In addition to providing the very high GOPS ratings required, such processors also meet the silicon area and cost requirements of battery-powered mobile portable products. Their very high level of programmability not only accommodates the multiplicity of wireless communications systems that are appearing in mobile portable devices, it also allows manufacturers to keep pace with the evolution and usage scenarios of these standards and the evolution of new algorithms. They will also allow manufacturers to repair or upgrade their products "over-the-air" in order to reduce field-returns or provide consumers with an enhanced user experience, as wider coverage or higher bit rates for data download.
However, the software programmability of vector processors should only be applied when and where it provides real value in terms of reduced time to market, greater product differentiation or reduced cost. There are still some areas of baseband processing where software programmability may not be the answer and where more hardwired, more dedicated sub-modules are the most appropriate.

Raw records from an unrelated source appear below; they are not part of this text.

Lemma horizontal_gap (K L : set (R * R)) : compact K -> compact L ->
  (forall k, K k -> ~ L k) ->
  exists2 d0 : R, 0 < d0 & forall k z, K k -> L z -> k.2 = z.2 -> d0 <= `|z.1 - k.1|.
Proof.
move=> cK cL disj.
pose dy := fun kz : (R * R) * (R * R) => kz.1.2 - kz.2.2.
pose dx := fun kz : (R * R) * (R * R) => kz.1.1 - kz.2.1.
have proj_cont (i j : (R * R) -> R) : continuous i -> continuous j ->
    continuous (fun kz : (R * R) * (R * R) => i kz.1 - j kz.2).
  move=> ic jc kz; apply: continuousB.
    exact: (@continuous_comp _ _ _ (fun kz : (R * R) * (R * R) => kz.1) i
              _ (@fst_continuous _ _ _) (ic _)).
  exact: (@continuous_comp _ _ _ (fun kz : (R * R) * (R * R) => kz.2) j
            _ (@snd_continuous _ _ _) (jc _)).
have dy_cont : continuous dy by apply: proj_cont; exact: snd_continuous.
have dx_cont : continuous dx by apply: proj_cont; exact: fst_continuous.
pose W := (K `*` L) `&` ([set kz | dy kz <= 0] `&` [set kz | 0 <= dy kz]).
have cW : compact W.
  apply: compact_closedI; first exact: compact_setX.
  by apply: closedI; [exact: closed_le_fun | exact: closed_ge_fun].
have cI : closed (dx @` W).
  apply: compact_closed; first exact: Rhausdorff.
  by apply: continuous_compact cW; apply: continuous_subspaceT.
have notI0 : ~ (dx @` W) 0.
  move=> [[k z] [[/= Kk Lz] [/= h1 h2]] /eqP]; rewrite /dx /= subr_eq0 => /eqP e1.
  have e2 : k.2 = z.2 by apply/eqP; rewrite -subr_eq0 eq_le h1 h2.
  by apply: (disj k Kk); rewrite [k]surjective_pairing e1 e2 -surjective_pairing.
have /nbhs_ballP [d0 d0p hb] : nbhs (0 : R) (~` (dx @` W)).
  by apply: open_nbhs_nbhs; split => //; exact: closed_openC.
exists d0 => // k z Kk Lz e; rewrite leNgt; apply/negP => lt.
apply: (hb (k.1 - z.1)); first by rewrite /ball /= sub0r normrN distrC.
by exists (k, z) => //; split => //=; rewrite /dy e subrr lexx.
Qed.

Codecs, for example, involve functions such as Viterbi and turbo coding/decoding that would consume significant processing resources on a software programmable codec engine, especially at the high bit-rates involved (typically in excess of 100Mbps). Yet these functions do not really require software programmability, as variations between standards are small. It therefore makes more sense to hardware-accelerate these functions in a reconfigurable codec solution than to implement them in a software-programmable one. The same is true for channel filtering.
SDR is therefore unlikely to be a fully software-programmable solution. Instead, it will be a mix of programmability and software controlled reconfigurability in the RF front-end in which embedded microcontrollers, digital signal processors, vector processors and hardware accelerators all play a part.

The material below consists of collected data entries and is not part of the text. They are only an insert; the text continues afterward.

(* Let $X\subset\mathbb{R}^n$, let $F(\cdot,\xi)$ be a real-valued random function with $f(x)=\mathbb{E}[F(x,\xi)]$ finite, and let $c\in(0,1]$. For $x\in X$, $y\in\mathbb{R}$, $z>0$ define \[ \phi(x,y,z)=\frac cz\mathbb{E}[(F(x,\xi)-y)_+^2]+y+\frac c4z,\qquad \Phi(x,y)=y+c\,\mathbb{E}^{1/2}[(F(x,\xi)-y)_+^2], \] and $h(x)=f(x)+c\,\mathbb{E}^{1/2}[(F(x,\xi)-f(x))_+^2]$. Then for any $x\in X$ and $y\in\mathbb{R}$, $\inf_{z>0}\phi(x,y,z)=\Phi(x,y)$ is attained at $z=2\mathbb{E}^{1/2}[(F(x,\xi)-y)_+^2]$. Moreover, for any $x\in X$, \[ \inf_{y\ge f(x),z>0}\phi(x,y,z)=\inf_{y\ge f(x)}\Phi(x,y)=h(x), \] attained at $y=f(x)$ and $z=2\mathbb{E}^{1/2}[(F(x,\xi)-f(x))_+^2]$.
   Context: $(a)_+=\max\{a,0\}$; $F(x,\xi)$ is assumed to have finite second moment for each $x$. *)

From HB Require Import structures.
From mathcomp Require Import all_boot all_order all_algebra.
From mathcomp Require Import all_classical all_reals all_analysis.
Set Implicit Arguments. Unset Strict Implicit. Unset Printing Implicit Defensive.
Import Order.TTheory GRing.Theory Num.Theory.
Local Open Scope classical_set_scope.
Local Open Scope ring_scope.

Section defs.
Context {d : measure_display} {T : measurableType d} {R : realType}.
Variable (P : probability T R).

Definition ppart (a : R) : R := Num.max a 0.

Definition fmean {n : nat} (F : 'rV[R]_n -> T -> R) (x : 'rV[R]_n) : R :=
  fine ('E_P[F x])%E.

Definition sqpart {n : nat} (F : 'rV[R]_n -> T -> R) (x : 'rV[R]_n) (y : R) : R :=
  fine ('E_P[fun w => (ppart (F x w - y) ^+ 2)%R])%E.

Definition phi (c : R) {n : nat} (F : 'rV[R]_n -> T -> R) (x : 'rV[R]_n) (y z : R) : R :=
  c / z * sqpart F x y + y + c / 4 * z.

Definition Phi (c : R) {n : nat} (F : 'rV[R]_n -> T -> R) (x : 'rV[R]_n) (y : R) : R :=
  y + c * Num.sqrt (sqpart F x y).

Definition hfun (c : R) {n : nat} (F : 'rV[R]_n -> T -> R) (x : 'rV[R]_n) : R :=
  fmean F x + c * Num.sqrt (sqpart F x (fmean F x)).
End defs.

From HB Require Import structures.
From mathcomp Require Import all_boot all_order all_algebra.
From mathcomp Require Import all_classical all_reals all_analysis.
From mathcomp Require Import measurable_realfun ring lra.
Import Order.TTheory GRing.Theory Num.Theory.
Local Open Scope classical_set_scope.
Local Open Scope ring_scope.

(* By AM-GM, c S / z + c z / 4 >= c sqrt S for z > 0, with equality at
   z = 2 sqrt S; this gives the infimum over z.  For the infimum over y, the
   map y |-> Phi(x, y) is nondecreasing when c <= 1: pointwise
   (a - y1)_+ <= (a - y2)_+ + (y2 - y1) for y1 <= y2, so by Minkowski
   sqrt E[(F - y)_+^2] is 1-Lipschitz in y.  Minkowski follows by
   integrating the Peter-Paul bound (u + v)^2 <= (1 + t) u^2 + (1 + 1/t) v^2
   and optimizing in t. *)

Section real_inequalities.
Context {R : realType}.
Implicit Types (A : set R) (a b c d e m S t y z : R).

Lemma inf_eq_lb_approx A m : lbound A m ->
  (forall e, 0 < e -> exists2 a, A a & a <= m + e) -> inf A = m.
Proof.
move=> mA approx; have [a Aa _] := approx 1 ltr01.
apply/eqP; rewrite eq_le lb_le_inf //; last by exists a.
rewrite andbT; apply/ler_addgt0Pr => e e0; have [b Ab be] := approx e e0.
by apply: le_trans be; apply: ge_inf => //; exists m.
Qed.

Lemma sqrt_le_amgm c S y z : 0 < c -> 0 <= S -> 0 < z ->
  y + c * Num.sqrt S <= c / z * S + y + c / 4 * z.
Proof.
move=> c0 S0 z0; set s := Num.sqrt S.
have -> : S = s ^+ 2 by rewrite sqr_sqrtr.
have -> : c / z * s ^+ 2 + y + c / 4 * z
          = y + c * s + c / (4 * z) * (2 * s - z) ^+ 2.
  by field; rewrite gt_eqF.
by rewrite lerDl mulr_ge0 ?sqr_ge0 // divr_ge0 ?ltW // mulr_gt0.
Qed.

Lemma sqrt_eq_amgm c S y : 0 < S ->
  c / (2 * Num.sqrt S) * S + y + c / 4 * (2 * Num.sqrt S) = y + c * Num.sqrt S.
Proof.
move=> S0; have s0 : 0 < Num.sqrt S by rewrite sqrtr_gt0.
by rewrite -{2}(sqr_sqrtr (ltW S0)); field; rewrite gt_eqF.
Qed.

Lemma sqrt_approx_amgm c S y e : 0 < c -> 0 <= S -> 0 < e ->
  exists2 z, 0 < z & c / z * S + y + c / 4 * z <= y + c * Num.sqrt S + e.
Proof.
move=> c0; rewrite le_eqVlt => /predU1P[<- e0|S0 e0].
  exists (4 * e / c); first by rewrite divr_gt0 // mulr_gt0.
  have -> : c / 4 * (4 * e / c) = e by field; rewrite gt_eqF.
  by rewrite sqrtr0 !mulr0 add0r addr0.
exists (2 * Num.sqrt S); first by rewrite mulr_gt0 // sqrtr_gt0.
by rewrite sqrt_eq_amgm // lerDl ltW.
Qed.

Lemma inf_amgm_sqrt c S y : 0 < c -> 0 <= S ->
  inf [set c / z * S + y + c / 4 * z | z in `]0, +oo[%classic] = y + c * Num.sqrt S.
Proof.
move=> c0 S0; apply: inf_eq_lb_approx => [_ [z + <-]|e e0].
  by rewrite /= in_itv /= andbT; exact: sqrt_le_amgm.
have [z z0 le_z] := sqrt_approx_amgm c S y e c0 S0 e0.
by exists (c / z * S + y + c / 4 * z) => //; exists z; rewrite //= in_itv /= z0.
Qed.

Lemma sqrD_le_peter_paul a b t : 0 < t ->
  (a + b) ^+ 2 <= (1 + t) * a ^+ 2 + (1 + t^-1) * b ^+ 2.
Proof.
move=> t0; have -> : (1 + t) * a ^+ 2 + (1 + t^-1) * b ^+ 2
                     = (a + b) ^+ 2 + t^-1 * (t * a - b) ^+ 2.
  by field; rewrite gt_eqF.
by rewrite lerDl mulr_ge0 ?sqr_ge0 // invr_ge0 ltW.
Qed.

Lemma sqrt_le_add_of_peter_paul S1 S2 d : 0 <= S2 -> 0 < d ->
  (forall t, 0 < t -> S1 <= (1 + t) * S2 + (1 + t^-1) * d ^+ 2) ->
  Num.sqrt S1 <= Num.sqrt S2 + d.
Proof.
move=> S20 d0 pp; set s := Num.sqrt S2.
suff : S1 <= (s + d) ^+ 2.
  by move=> /ler_wsqrtr; rewrite sqrtr_sqr ger0_norm // addr_ge0 ?sqrtr_ge0 ?ltW.
have d2 : 0 < d ^+ 2 by rewrite exprn_gt0.
move: S20; rewrite le_eqVlt => /predU1P[S2E|S2p].
  rewrite /s -S2E sqrtr0 add0r; apply/ler_addgt0Pr => e e0.
  have := pp (d ^+ 2 / e) (divr_gt0 d2 e0); rewrite -S2E mulr0 add0r.
  suff -> : (1 + (d ^+ 2 / e)^-1) * d ^+ 2 = d ^+ 2 + e by [].
  by field; rewrite !gt_eqF.
have s0 : 0 < s by rewrite sqrtr_gt0.
have := pp (d / s) (divr_gt0 d0 s0).
rewrite -[in X in _ <= X -> _](sqr_sqrtr (ltW S2p)) -/s.
suff -> : (1 + d / s) * s ^+ 2 + (1 + (d / s)^-1) * d ^+ 2 = (s + d) ^+ 2 by [].
by field; rewrite !gt_eqF.
Qed.

Lemma ppart_ge0 a : 0 <= ppart a.
Proof. by rewrite /ppart le_max lexx orbT. Qed.

Lemma ppartB_le a y1 y2 : y1 <= y2 -> ppart (a - y1) <= ppart (a - y2) + (y2 - y1).
Proof.
move=> y12; rewrite /ppart ge_max; apply/andP; split.
  by rewrite -lerBlDr opprB addrA subrK le_max lexx.
by rewrite addr_ge0 ?subr_ge0 // le_max lexx orbT.
Qed.

End real_inequalities.

Lemma sqpart_ge0 d (T : measurableType d) (R : realType) (P : probability T R)
    n (F : 'rV[R]_n -> T -> R) x y :
  0 <= sqpart P F x y.
Proof. by apply/fine_ge0/expectation_ge0 => w; exact: sqr_ge0. Qed.

Section excess_moment.
Context {d : measure_display} {T : measurableType d} {R : realType}.
Context (P : probability T R) {n : nat} {F : 'rV[R]_n -> T -> R} {x : 'rV[R]_n}.
Hypothesis mFx : measurable_fun setT (F x).
Hypothesis iFx : P.-integrable setT (fun w => (F x w ^+ 2)%:E).

Let excess (y : R) (w : T) : R := ppart (F x w - y) ^+ 2.

Let measurable_excess y : measurable_fun setT (excess y).
Proof.
apply: measurable_funX; apply: (measurable_maxr (f := fun w => F x w - y)).
  exact: measurable_funB.
exact: measurable_cst.
Qed.

Let integrable_excess y : P.-integrable setT (EFin \o excess y).
Proof.
have i2 : P.-integrable setT (fun w => (2 * F x w ^+ 2)%:E + (2 * y ^+ 2)%:E).
  apply: integrableD => //; last exact: finite_measure_integrable_cst.
  under eq_fun do rewrite EFinM.
  exact: integrableZl.
apply: le_integrable i2 => //; first exact/measurable_EFinP.
move=> w _ /=; rewrite lee_fin !ger0_norm ?sqr_ge0 //; last first.
  by rewrite addr_ge0 // mulr_ge0 // sqr_ge0.
rewrite /excess /ppart; have := sqr_ge0 (F x w + y).
case: (leP (F x w - y) 0) => [_ _|_]; last by nra.
by rewrite expr0n /= addr_ge0 // mulr_ge0 // sqr_ge0.
Qed.

Let excess_Lfun1 y : excess y \in Lfun P 1.
Proof. exact/Lfun1_integrable/integrable_excess. Qed.

Let expectation_excess y : ('E_P[excess y] = (sqpart P F x y)%:E)%E.
Proof. by rewrite fineK // expectation_fin_num // excess_Lfun1. Qed.

Lemma sqpart_peter_paul y1 y2 t : y1 <= y2 -> 0 < t ->
  sqpart P F x y1 <= (1 + t) * sqpart P F x y2 + (1 + t^-1) * (y2 - y1) ^+ 2.
Proof.
move=> y12 t0; set k := (1 + t^-1) * (y2 - y1) ^+ 2.
have k0 : 0 <= k by rewrite mulr_ge0 ?sqr_ge0 // addr_ge0 // invr_ge0 ltW.
have t1 : 0 <= 1 + t by rewrite addr_ge0 // ltW.
have scaled : (1 + t) \o* excess y2 \in Lfun P 1.
  apply/Lfun1_integrable.
  apply: eq_integrable (integrableZl _ (1 + t) (integrable_excess y2)) => //.
  by move=> w _ /=; rewrite -EFinM mulrC.
have : ('E_P[excess y1] <= 'E_P[((1 + t) \o* excess y2) \+ cst k])%E.
  apply: expectation_le => //.
  - by apply: measurable_funD => //; apply: measurable_funM.
  - by move=> w; exact: sqr_ge0.
  - by move=> w /=; rewrite addr_ge0 // mulr_ge0 // sqr_ge0.
  apply: aeW => w /=; rewrite mulrC /excess /k.
  apply: le_trans (sqrD_le_peter_paul _ _ _ t0).
  rewrite lerXn2r ?nnegrE ?ppartB_le ?ppart_ge0 //.
  by rewrite addr_ge0 ?ppart_ge0 // subr_ge0.
have const : cst k \in Lfun P 1.
  by apply/Lfun1_integrable; exact: finite_measure_integrable_cst.
rewrite expectationD // expectationZl // expectation_cst !expectation_excess.
by rewrite -EFinM -EFinD lee_fin.
Qed.

Lemma sqrt_sqpart_le y1 y2 : y1 <= y2 ->
  Num.sqrt (sqpart P F x y1) <= Num.sqrt (sqpart P F x y2) + (y2 - y1).
Proof.
rewrite le_eqVlt => /predU1P[->|y12]; first by rewrite subrr addr0.
apply: sqrt_le_add_of_peter_paul; first exact: sqpart_ge0.
  by rewrite subr_gt0.
by move=> t t0; apply: sqpart_peter_paul => //; exact: ltW.
Qed.

Lemma Phi_nondecreasing c : 0 <= c -> c <= 1 ->
  {homo Phi P c F x : y1 y2 / y1 <= y2}.
Proof.
move=> c0 c1 y1 y2 y12; rewrite /Phi.
have := ler_wpM2l c0 (sqrt_sqpart_le _ _ y12); nra.
Qed.

End excess_moment.

Theorem lemma2 (d : measure_display) (T : measurableType d) (R : realType)
  (P : probability T R) (n : nat) (X : set 'rV[R]_n)
  (F : 'rV[R]_n -> T -> R) (c : R) :
  (forall x, X x -> measurable_fun setT (F x)) ->
  (forall x, X x -> P.-integrable setT (fun w => ((F x w) ^+ 2)%:E)) ->
  0 < c <= 1 ->
  (forall x y, X x ->
     inf [set phi P c F x y z | z in `]0, +oo[%classic] = Phi P c F x y /\
     (0 < sqpart P F x y ->
        phi P c F x y (2 * Num.sqrt (sqpart P F x y)) = Phi P c F x y)) /\
  (forall x, X x ->
     inf [set r | exists y z, fmean P F x <= y /\ 0 < z /\ r = phi P c F x y z]
       = hfun P c F x /\
     inf [set Phi P c F x y | y in `[fmean P F x, +oo[%classic] = hfun P c F x /\
     Phi P c F x (fmean P F x) = hfun P c F x /\
     (0 < sqpart P F x (fmean P F x) ->
        phi P c F x (fmean P F x) (2 * Num.sqrt (sqpart P F x (fmean P F x)))
          = hfun P c F x)).
Proof.
move=> mF iF /andP[c0 c1].
have S0 x y : 0 <= sqpart P F x y by exact: sqpart_ge0.
split=> [x y _|x Xx].
  by split=> [|S_gt0]; [exact: inf_amgm_sqrt | exact: sqrt_eq_amgm].
have Phi_mono := Phi_nondecreasing P (mF x Xx) (iF x Xx) c (ltW c0) c1.
set f := fmean P F x; have -> : hfun P c F x = Phi P c F x f by [].
split; [|split; [|split]] => //; last exact: sqrt_eq_amgm.
- apply: inf_eq_lb_approx => [_ [y [z [fy [z0 ->]]]]|e e0].
    exact: le_trans (Phi_mono _ _ fy) (sqrt_le_amgm _ _ _ _ c0 (S0 _ _) z0).
  have [z z0 le_z] := sqrt_approx_amgm c _ f e c0 (S0 x f) e0.
  by exists (phi P c F x f z) => //; exists f, z.
- apply: inf_eq_lb_approx => [_ [y + <-]|e e0].
    by rewrite /= in_itv /= andbT; exact: Phi_mono.
  exists (Phi P c F x f); last by rewrite lerDl ltW.
  by exists f; rewrite //= in_itv /= lexx.
Qed.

With analog-to-digital and digital-to-analog conversion shifted firmly up to the intermediate frequency (IF) stage, SDR is also likely to influence the future partitioning of multi-mode, multi-channel RF transceivers. Channel filtering, modem and codec functionality are likely to move either into the host's baseband chip, or to be aggregated into a separate connectivity modem engine. This will not only reduce chip count. It will allow modem and baseband functionality to be quickly migrated from one CMOS process technology to the next, thereby enabling rapid cost-down. At the same time it will continue to allow RF front-ends and power amplifiers to be implemented in the technology providing the right performance.
For 2G, 2.5G and 3G mobile phone transceivers this is still likely to be a BiCMOS or III-V process for some time to come, although migration to RFCMOS is already happening in lower application segments. SIDEBAR
NXP's EVP Architecture The VD3204x EVP provides a parallel-processing architecture for communications processing. Targeted at the inner receiver, which addresses the modulation/demodulation part of a communication pipe, this processor permits programmability in areas previously implemented by hardwired accelerators. The VD3204x family is optimized for low-power SoC use, focusing at 3G+ cellular hand sets and other battery operated applications, where low-power operation and cost effectiveness are crucial.

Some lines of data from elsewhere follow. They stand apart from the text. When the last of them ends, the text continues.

(* Let $\tilde F:\mathbb C^6\to\mathbb C^6$ be a homogeneous (polynomial, degree $p$) vector field equivariant with respect to the $[4,8]$ representation of $\Gamma=D_4\dot+T^2$. Then there exists an $\mathcal E(2)$-equivariant polynomial vector field $\mathcal F$ of degree $p$ on $E_\kappa$ with $\tilde F=\mathcal F|_{E^c}$ if and only if for every $\theta\in\mathbb R$, $R_\theta\tilde F(\Phi)=\tilde F(R_\theta\Phi)$ for all $\Phi\in E^c$ with $R_\theta\Phi\in E^c$.
   Context: Integers $l_1>l_2>n_2>0$ with $\kappa^2=l_1^2=l_2^2+n_2^2$; $A(\kappa)=\{k:|k|=\kappa\}$, $E_\kappa$ = space of $a:A(\kappa)\to\mathbb C$ with $\sum|a(k)|<\infty$. Wave vectors $q_1=(l_1,0)$, $q_2=(0,l_1)$, $p_1=(l_2,n_2)$, $p_2=(l_2,-n_2)$, $p_3=(n_2,l_2)$, $p_4=(n_2,-l_2)$, $\tilde A=\{\pm q_i,\pm p_j\}$; $E^c\subset E_\kappa$ is the real space of $a$ supported in $\tilde A$ with $a(-k)=\overline{a(k)}$, identified with $\mathbb C^6$ via $z_i=a(q_i)$, $w_j=a(p_j)$. $\mathcal E(2)$ acts by $(\gamma a)(k)=a(\gamma^{-1}k)$ ($\gamma\in O(2)$) and $(T_{s,t}a)(k)=e^{-i(sk_x+tk_y)}a(k)$; $R_\theta$ is counterclockwise rotation; $\Gamma$ is generated by $\gamma_1(x,y)=(-x,y)$, $\gamma_2(x,y)=(y,x)$ and $T_{s,t}$ with $(s,t)\in(\mathbb R/2\pi\mathbb Z)^2$, which preserve $E^c$. An $\mathcal E(2)$-equivariant polynomial vector field of degree $p$ on $E_\kappa$ is a map on finitely supported $a$ of the form $\mathcal F(a)(k)=\sum_{k_1,\dots,k_p\in A(\kappa)}P(k,k_1,\dots,k_p)a(k_1)\cdots a(k_p)$ (finitely many nonzero terms) commuting with all of $\mathcal E(2)$. *)

From Stdlib Require Import Reals List.
From Coquelicot Require Import Coquelicot.
Import ListNotations.
Open Scope R_scope.

(** Points of R^2 (wave vectors) and fields a : R^2 -> C.  An element of E_kappa
    is represented by its values; only values on the circle A(kappa) matter. *)
Definition pt := (R * R)%type.
Definition field := pt -> C.
(* Let $\mathcal{X}$ be any fuzzy random variable with values in $\mathcal{F}_c(\mathbb{R})$. Then $\mathrm{Med}_s(\mathcal{X})=\mathrm{Med}(\mathcal{X};D_{FT})$.
   Context: $\mathcal{F}_c(\mathbb{R})$ is the set of functions $A:\mathbb{R}\to[0,1]$ whose $\alpha$-levels $A_\alpha=\{x:A(x)\ge\alpha\}$ ($\alpha\in(0,1]$) and $A_0=\overline{\{x:A(x)>0\}}$ are non-empty compact intervals. Support function: $s_A(u,\alpha)=\sup\{uv:v\in A_\alpha\}$, $u\in\{-1,1\}$, $\alpha\in[0,1]$. A fuzzy random variable on $(\Omega,\mathcal{A},\mathbb{P})$ is a map $\mathcal{X}:\Omega\to\mathcal{F}_c(\mathbb{R})$ with each $\omega\mapsto\mathcal{X}(\omega)_\alpha$ a random compact set; $s_{\mathcal{X}}(u,\alpha)(\omega)=s_{\mathcal{X}(\omega)}(u,\alpha)$ is then a real random variable. For a real random variable $X$, $\mathrm{Med}(X)$ is the set of all its medians. $\mathrm{Med}_s(\mathcal{X})$ is the set of $A\in\mathcal{F}_c(\mathbb{R})$ with $s_A(u,\alpha)\in\mathrm{Med}(s_{\mathcal{X}}(u,\alpha))$ for all $u\in\{-1,1\}$, $\alpha\in[0,1]$. The fuzzy Tukey depth is $D_{FT}(A;\mathcal{X})=\inf_{u\in\{-1,1\},\alpha\in[0,1]}\min\big(\mathbb{P}[s_{\mathcal{X}}(u,\alpha)\le s_A(u,\alpha)],\ \mathbb{P}[s_{\mathcal{X}}(u,\alpha)\ge s_A(u,\alpha)]\big)$, and $\mathrm{Med}(\mathcal{X};D_{FT})=\{A\in\mathcal{F}_c(\mathbb{R}):D_{FT}(A;\mathcal{X})=\max_{U\in\mathcal{F}_c(\mathbb{R})}D_{FT}(U;\mathcal{X})\}$. *)

From HB Require Import structures.
From mathcomp Require Import all_boot all_order all_algebra.
From mathcomp Require Import all_classical all_reals all_analysis.
Set Implicit Arguments. Unset Strict Implicit. Unset Printing Implicit Defensive.
Import Order.TTheory GRing.Theory Num.Theory.
Import numFieldNormedType.Exports.
Local Open Scope classical_set_scope.
Local Open Scope ring_scope.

The core of the VD32040 is a SIMD-like datapath, augmented by "intra-vector" operations allowing operations having interaction between elements within a vector (permutations, additions, max/min search etc), expanding the range of algorithms which can be mapped on this core. Operating on vectors of typically 256 bits, it can handle 16 operations on 16 bit data elements per functional unit. Due to the added VLIW parallelism, this adds up to 100 operations per cycle, thereby offering a significant of computational performance without having to run at GHz frequencies. This allows a power-friendly implementation style, still using standard library synthesis.
Programming the VD3204x is accomplished in ANSI-C with intrinsics handling the vector functions, and is supported by a C++ host emulation library, a compiler allowing a higher level of abstraction compared to the classical assembly programming, plus a linker, cycle- and bit-accurate simulator and debugger/profiler.
CAPTIONS
Figure 1: Generic picture of a communication pipe, plus the mapping of the blocks on underlying hardware as envisioned by NXP.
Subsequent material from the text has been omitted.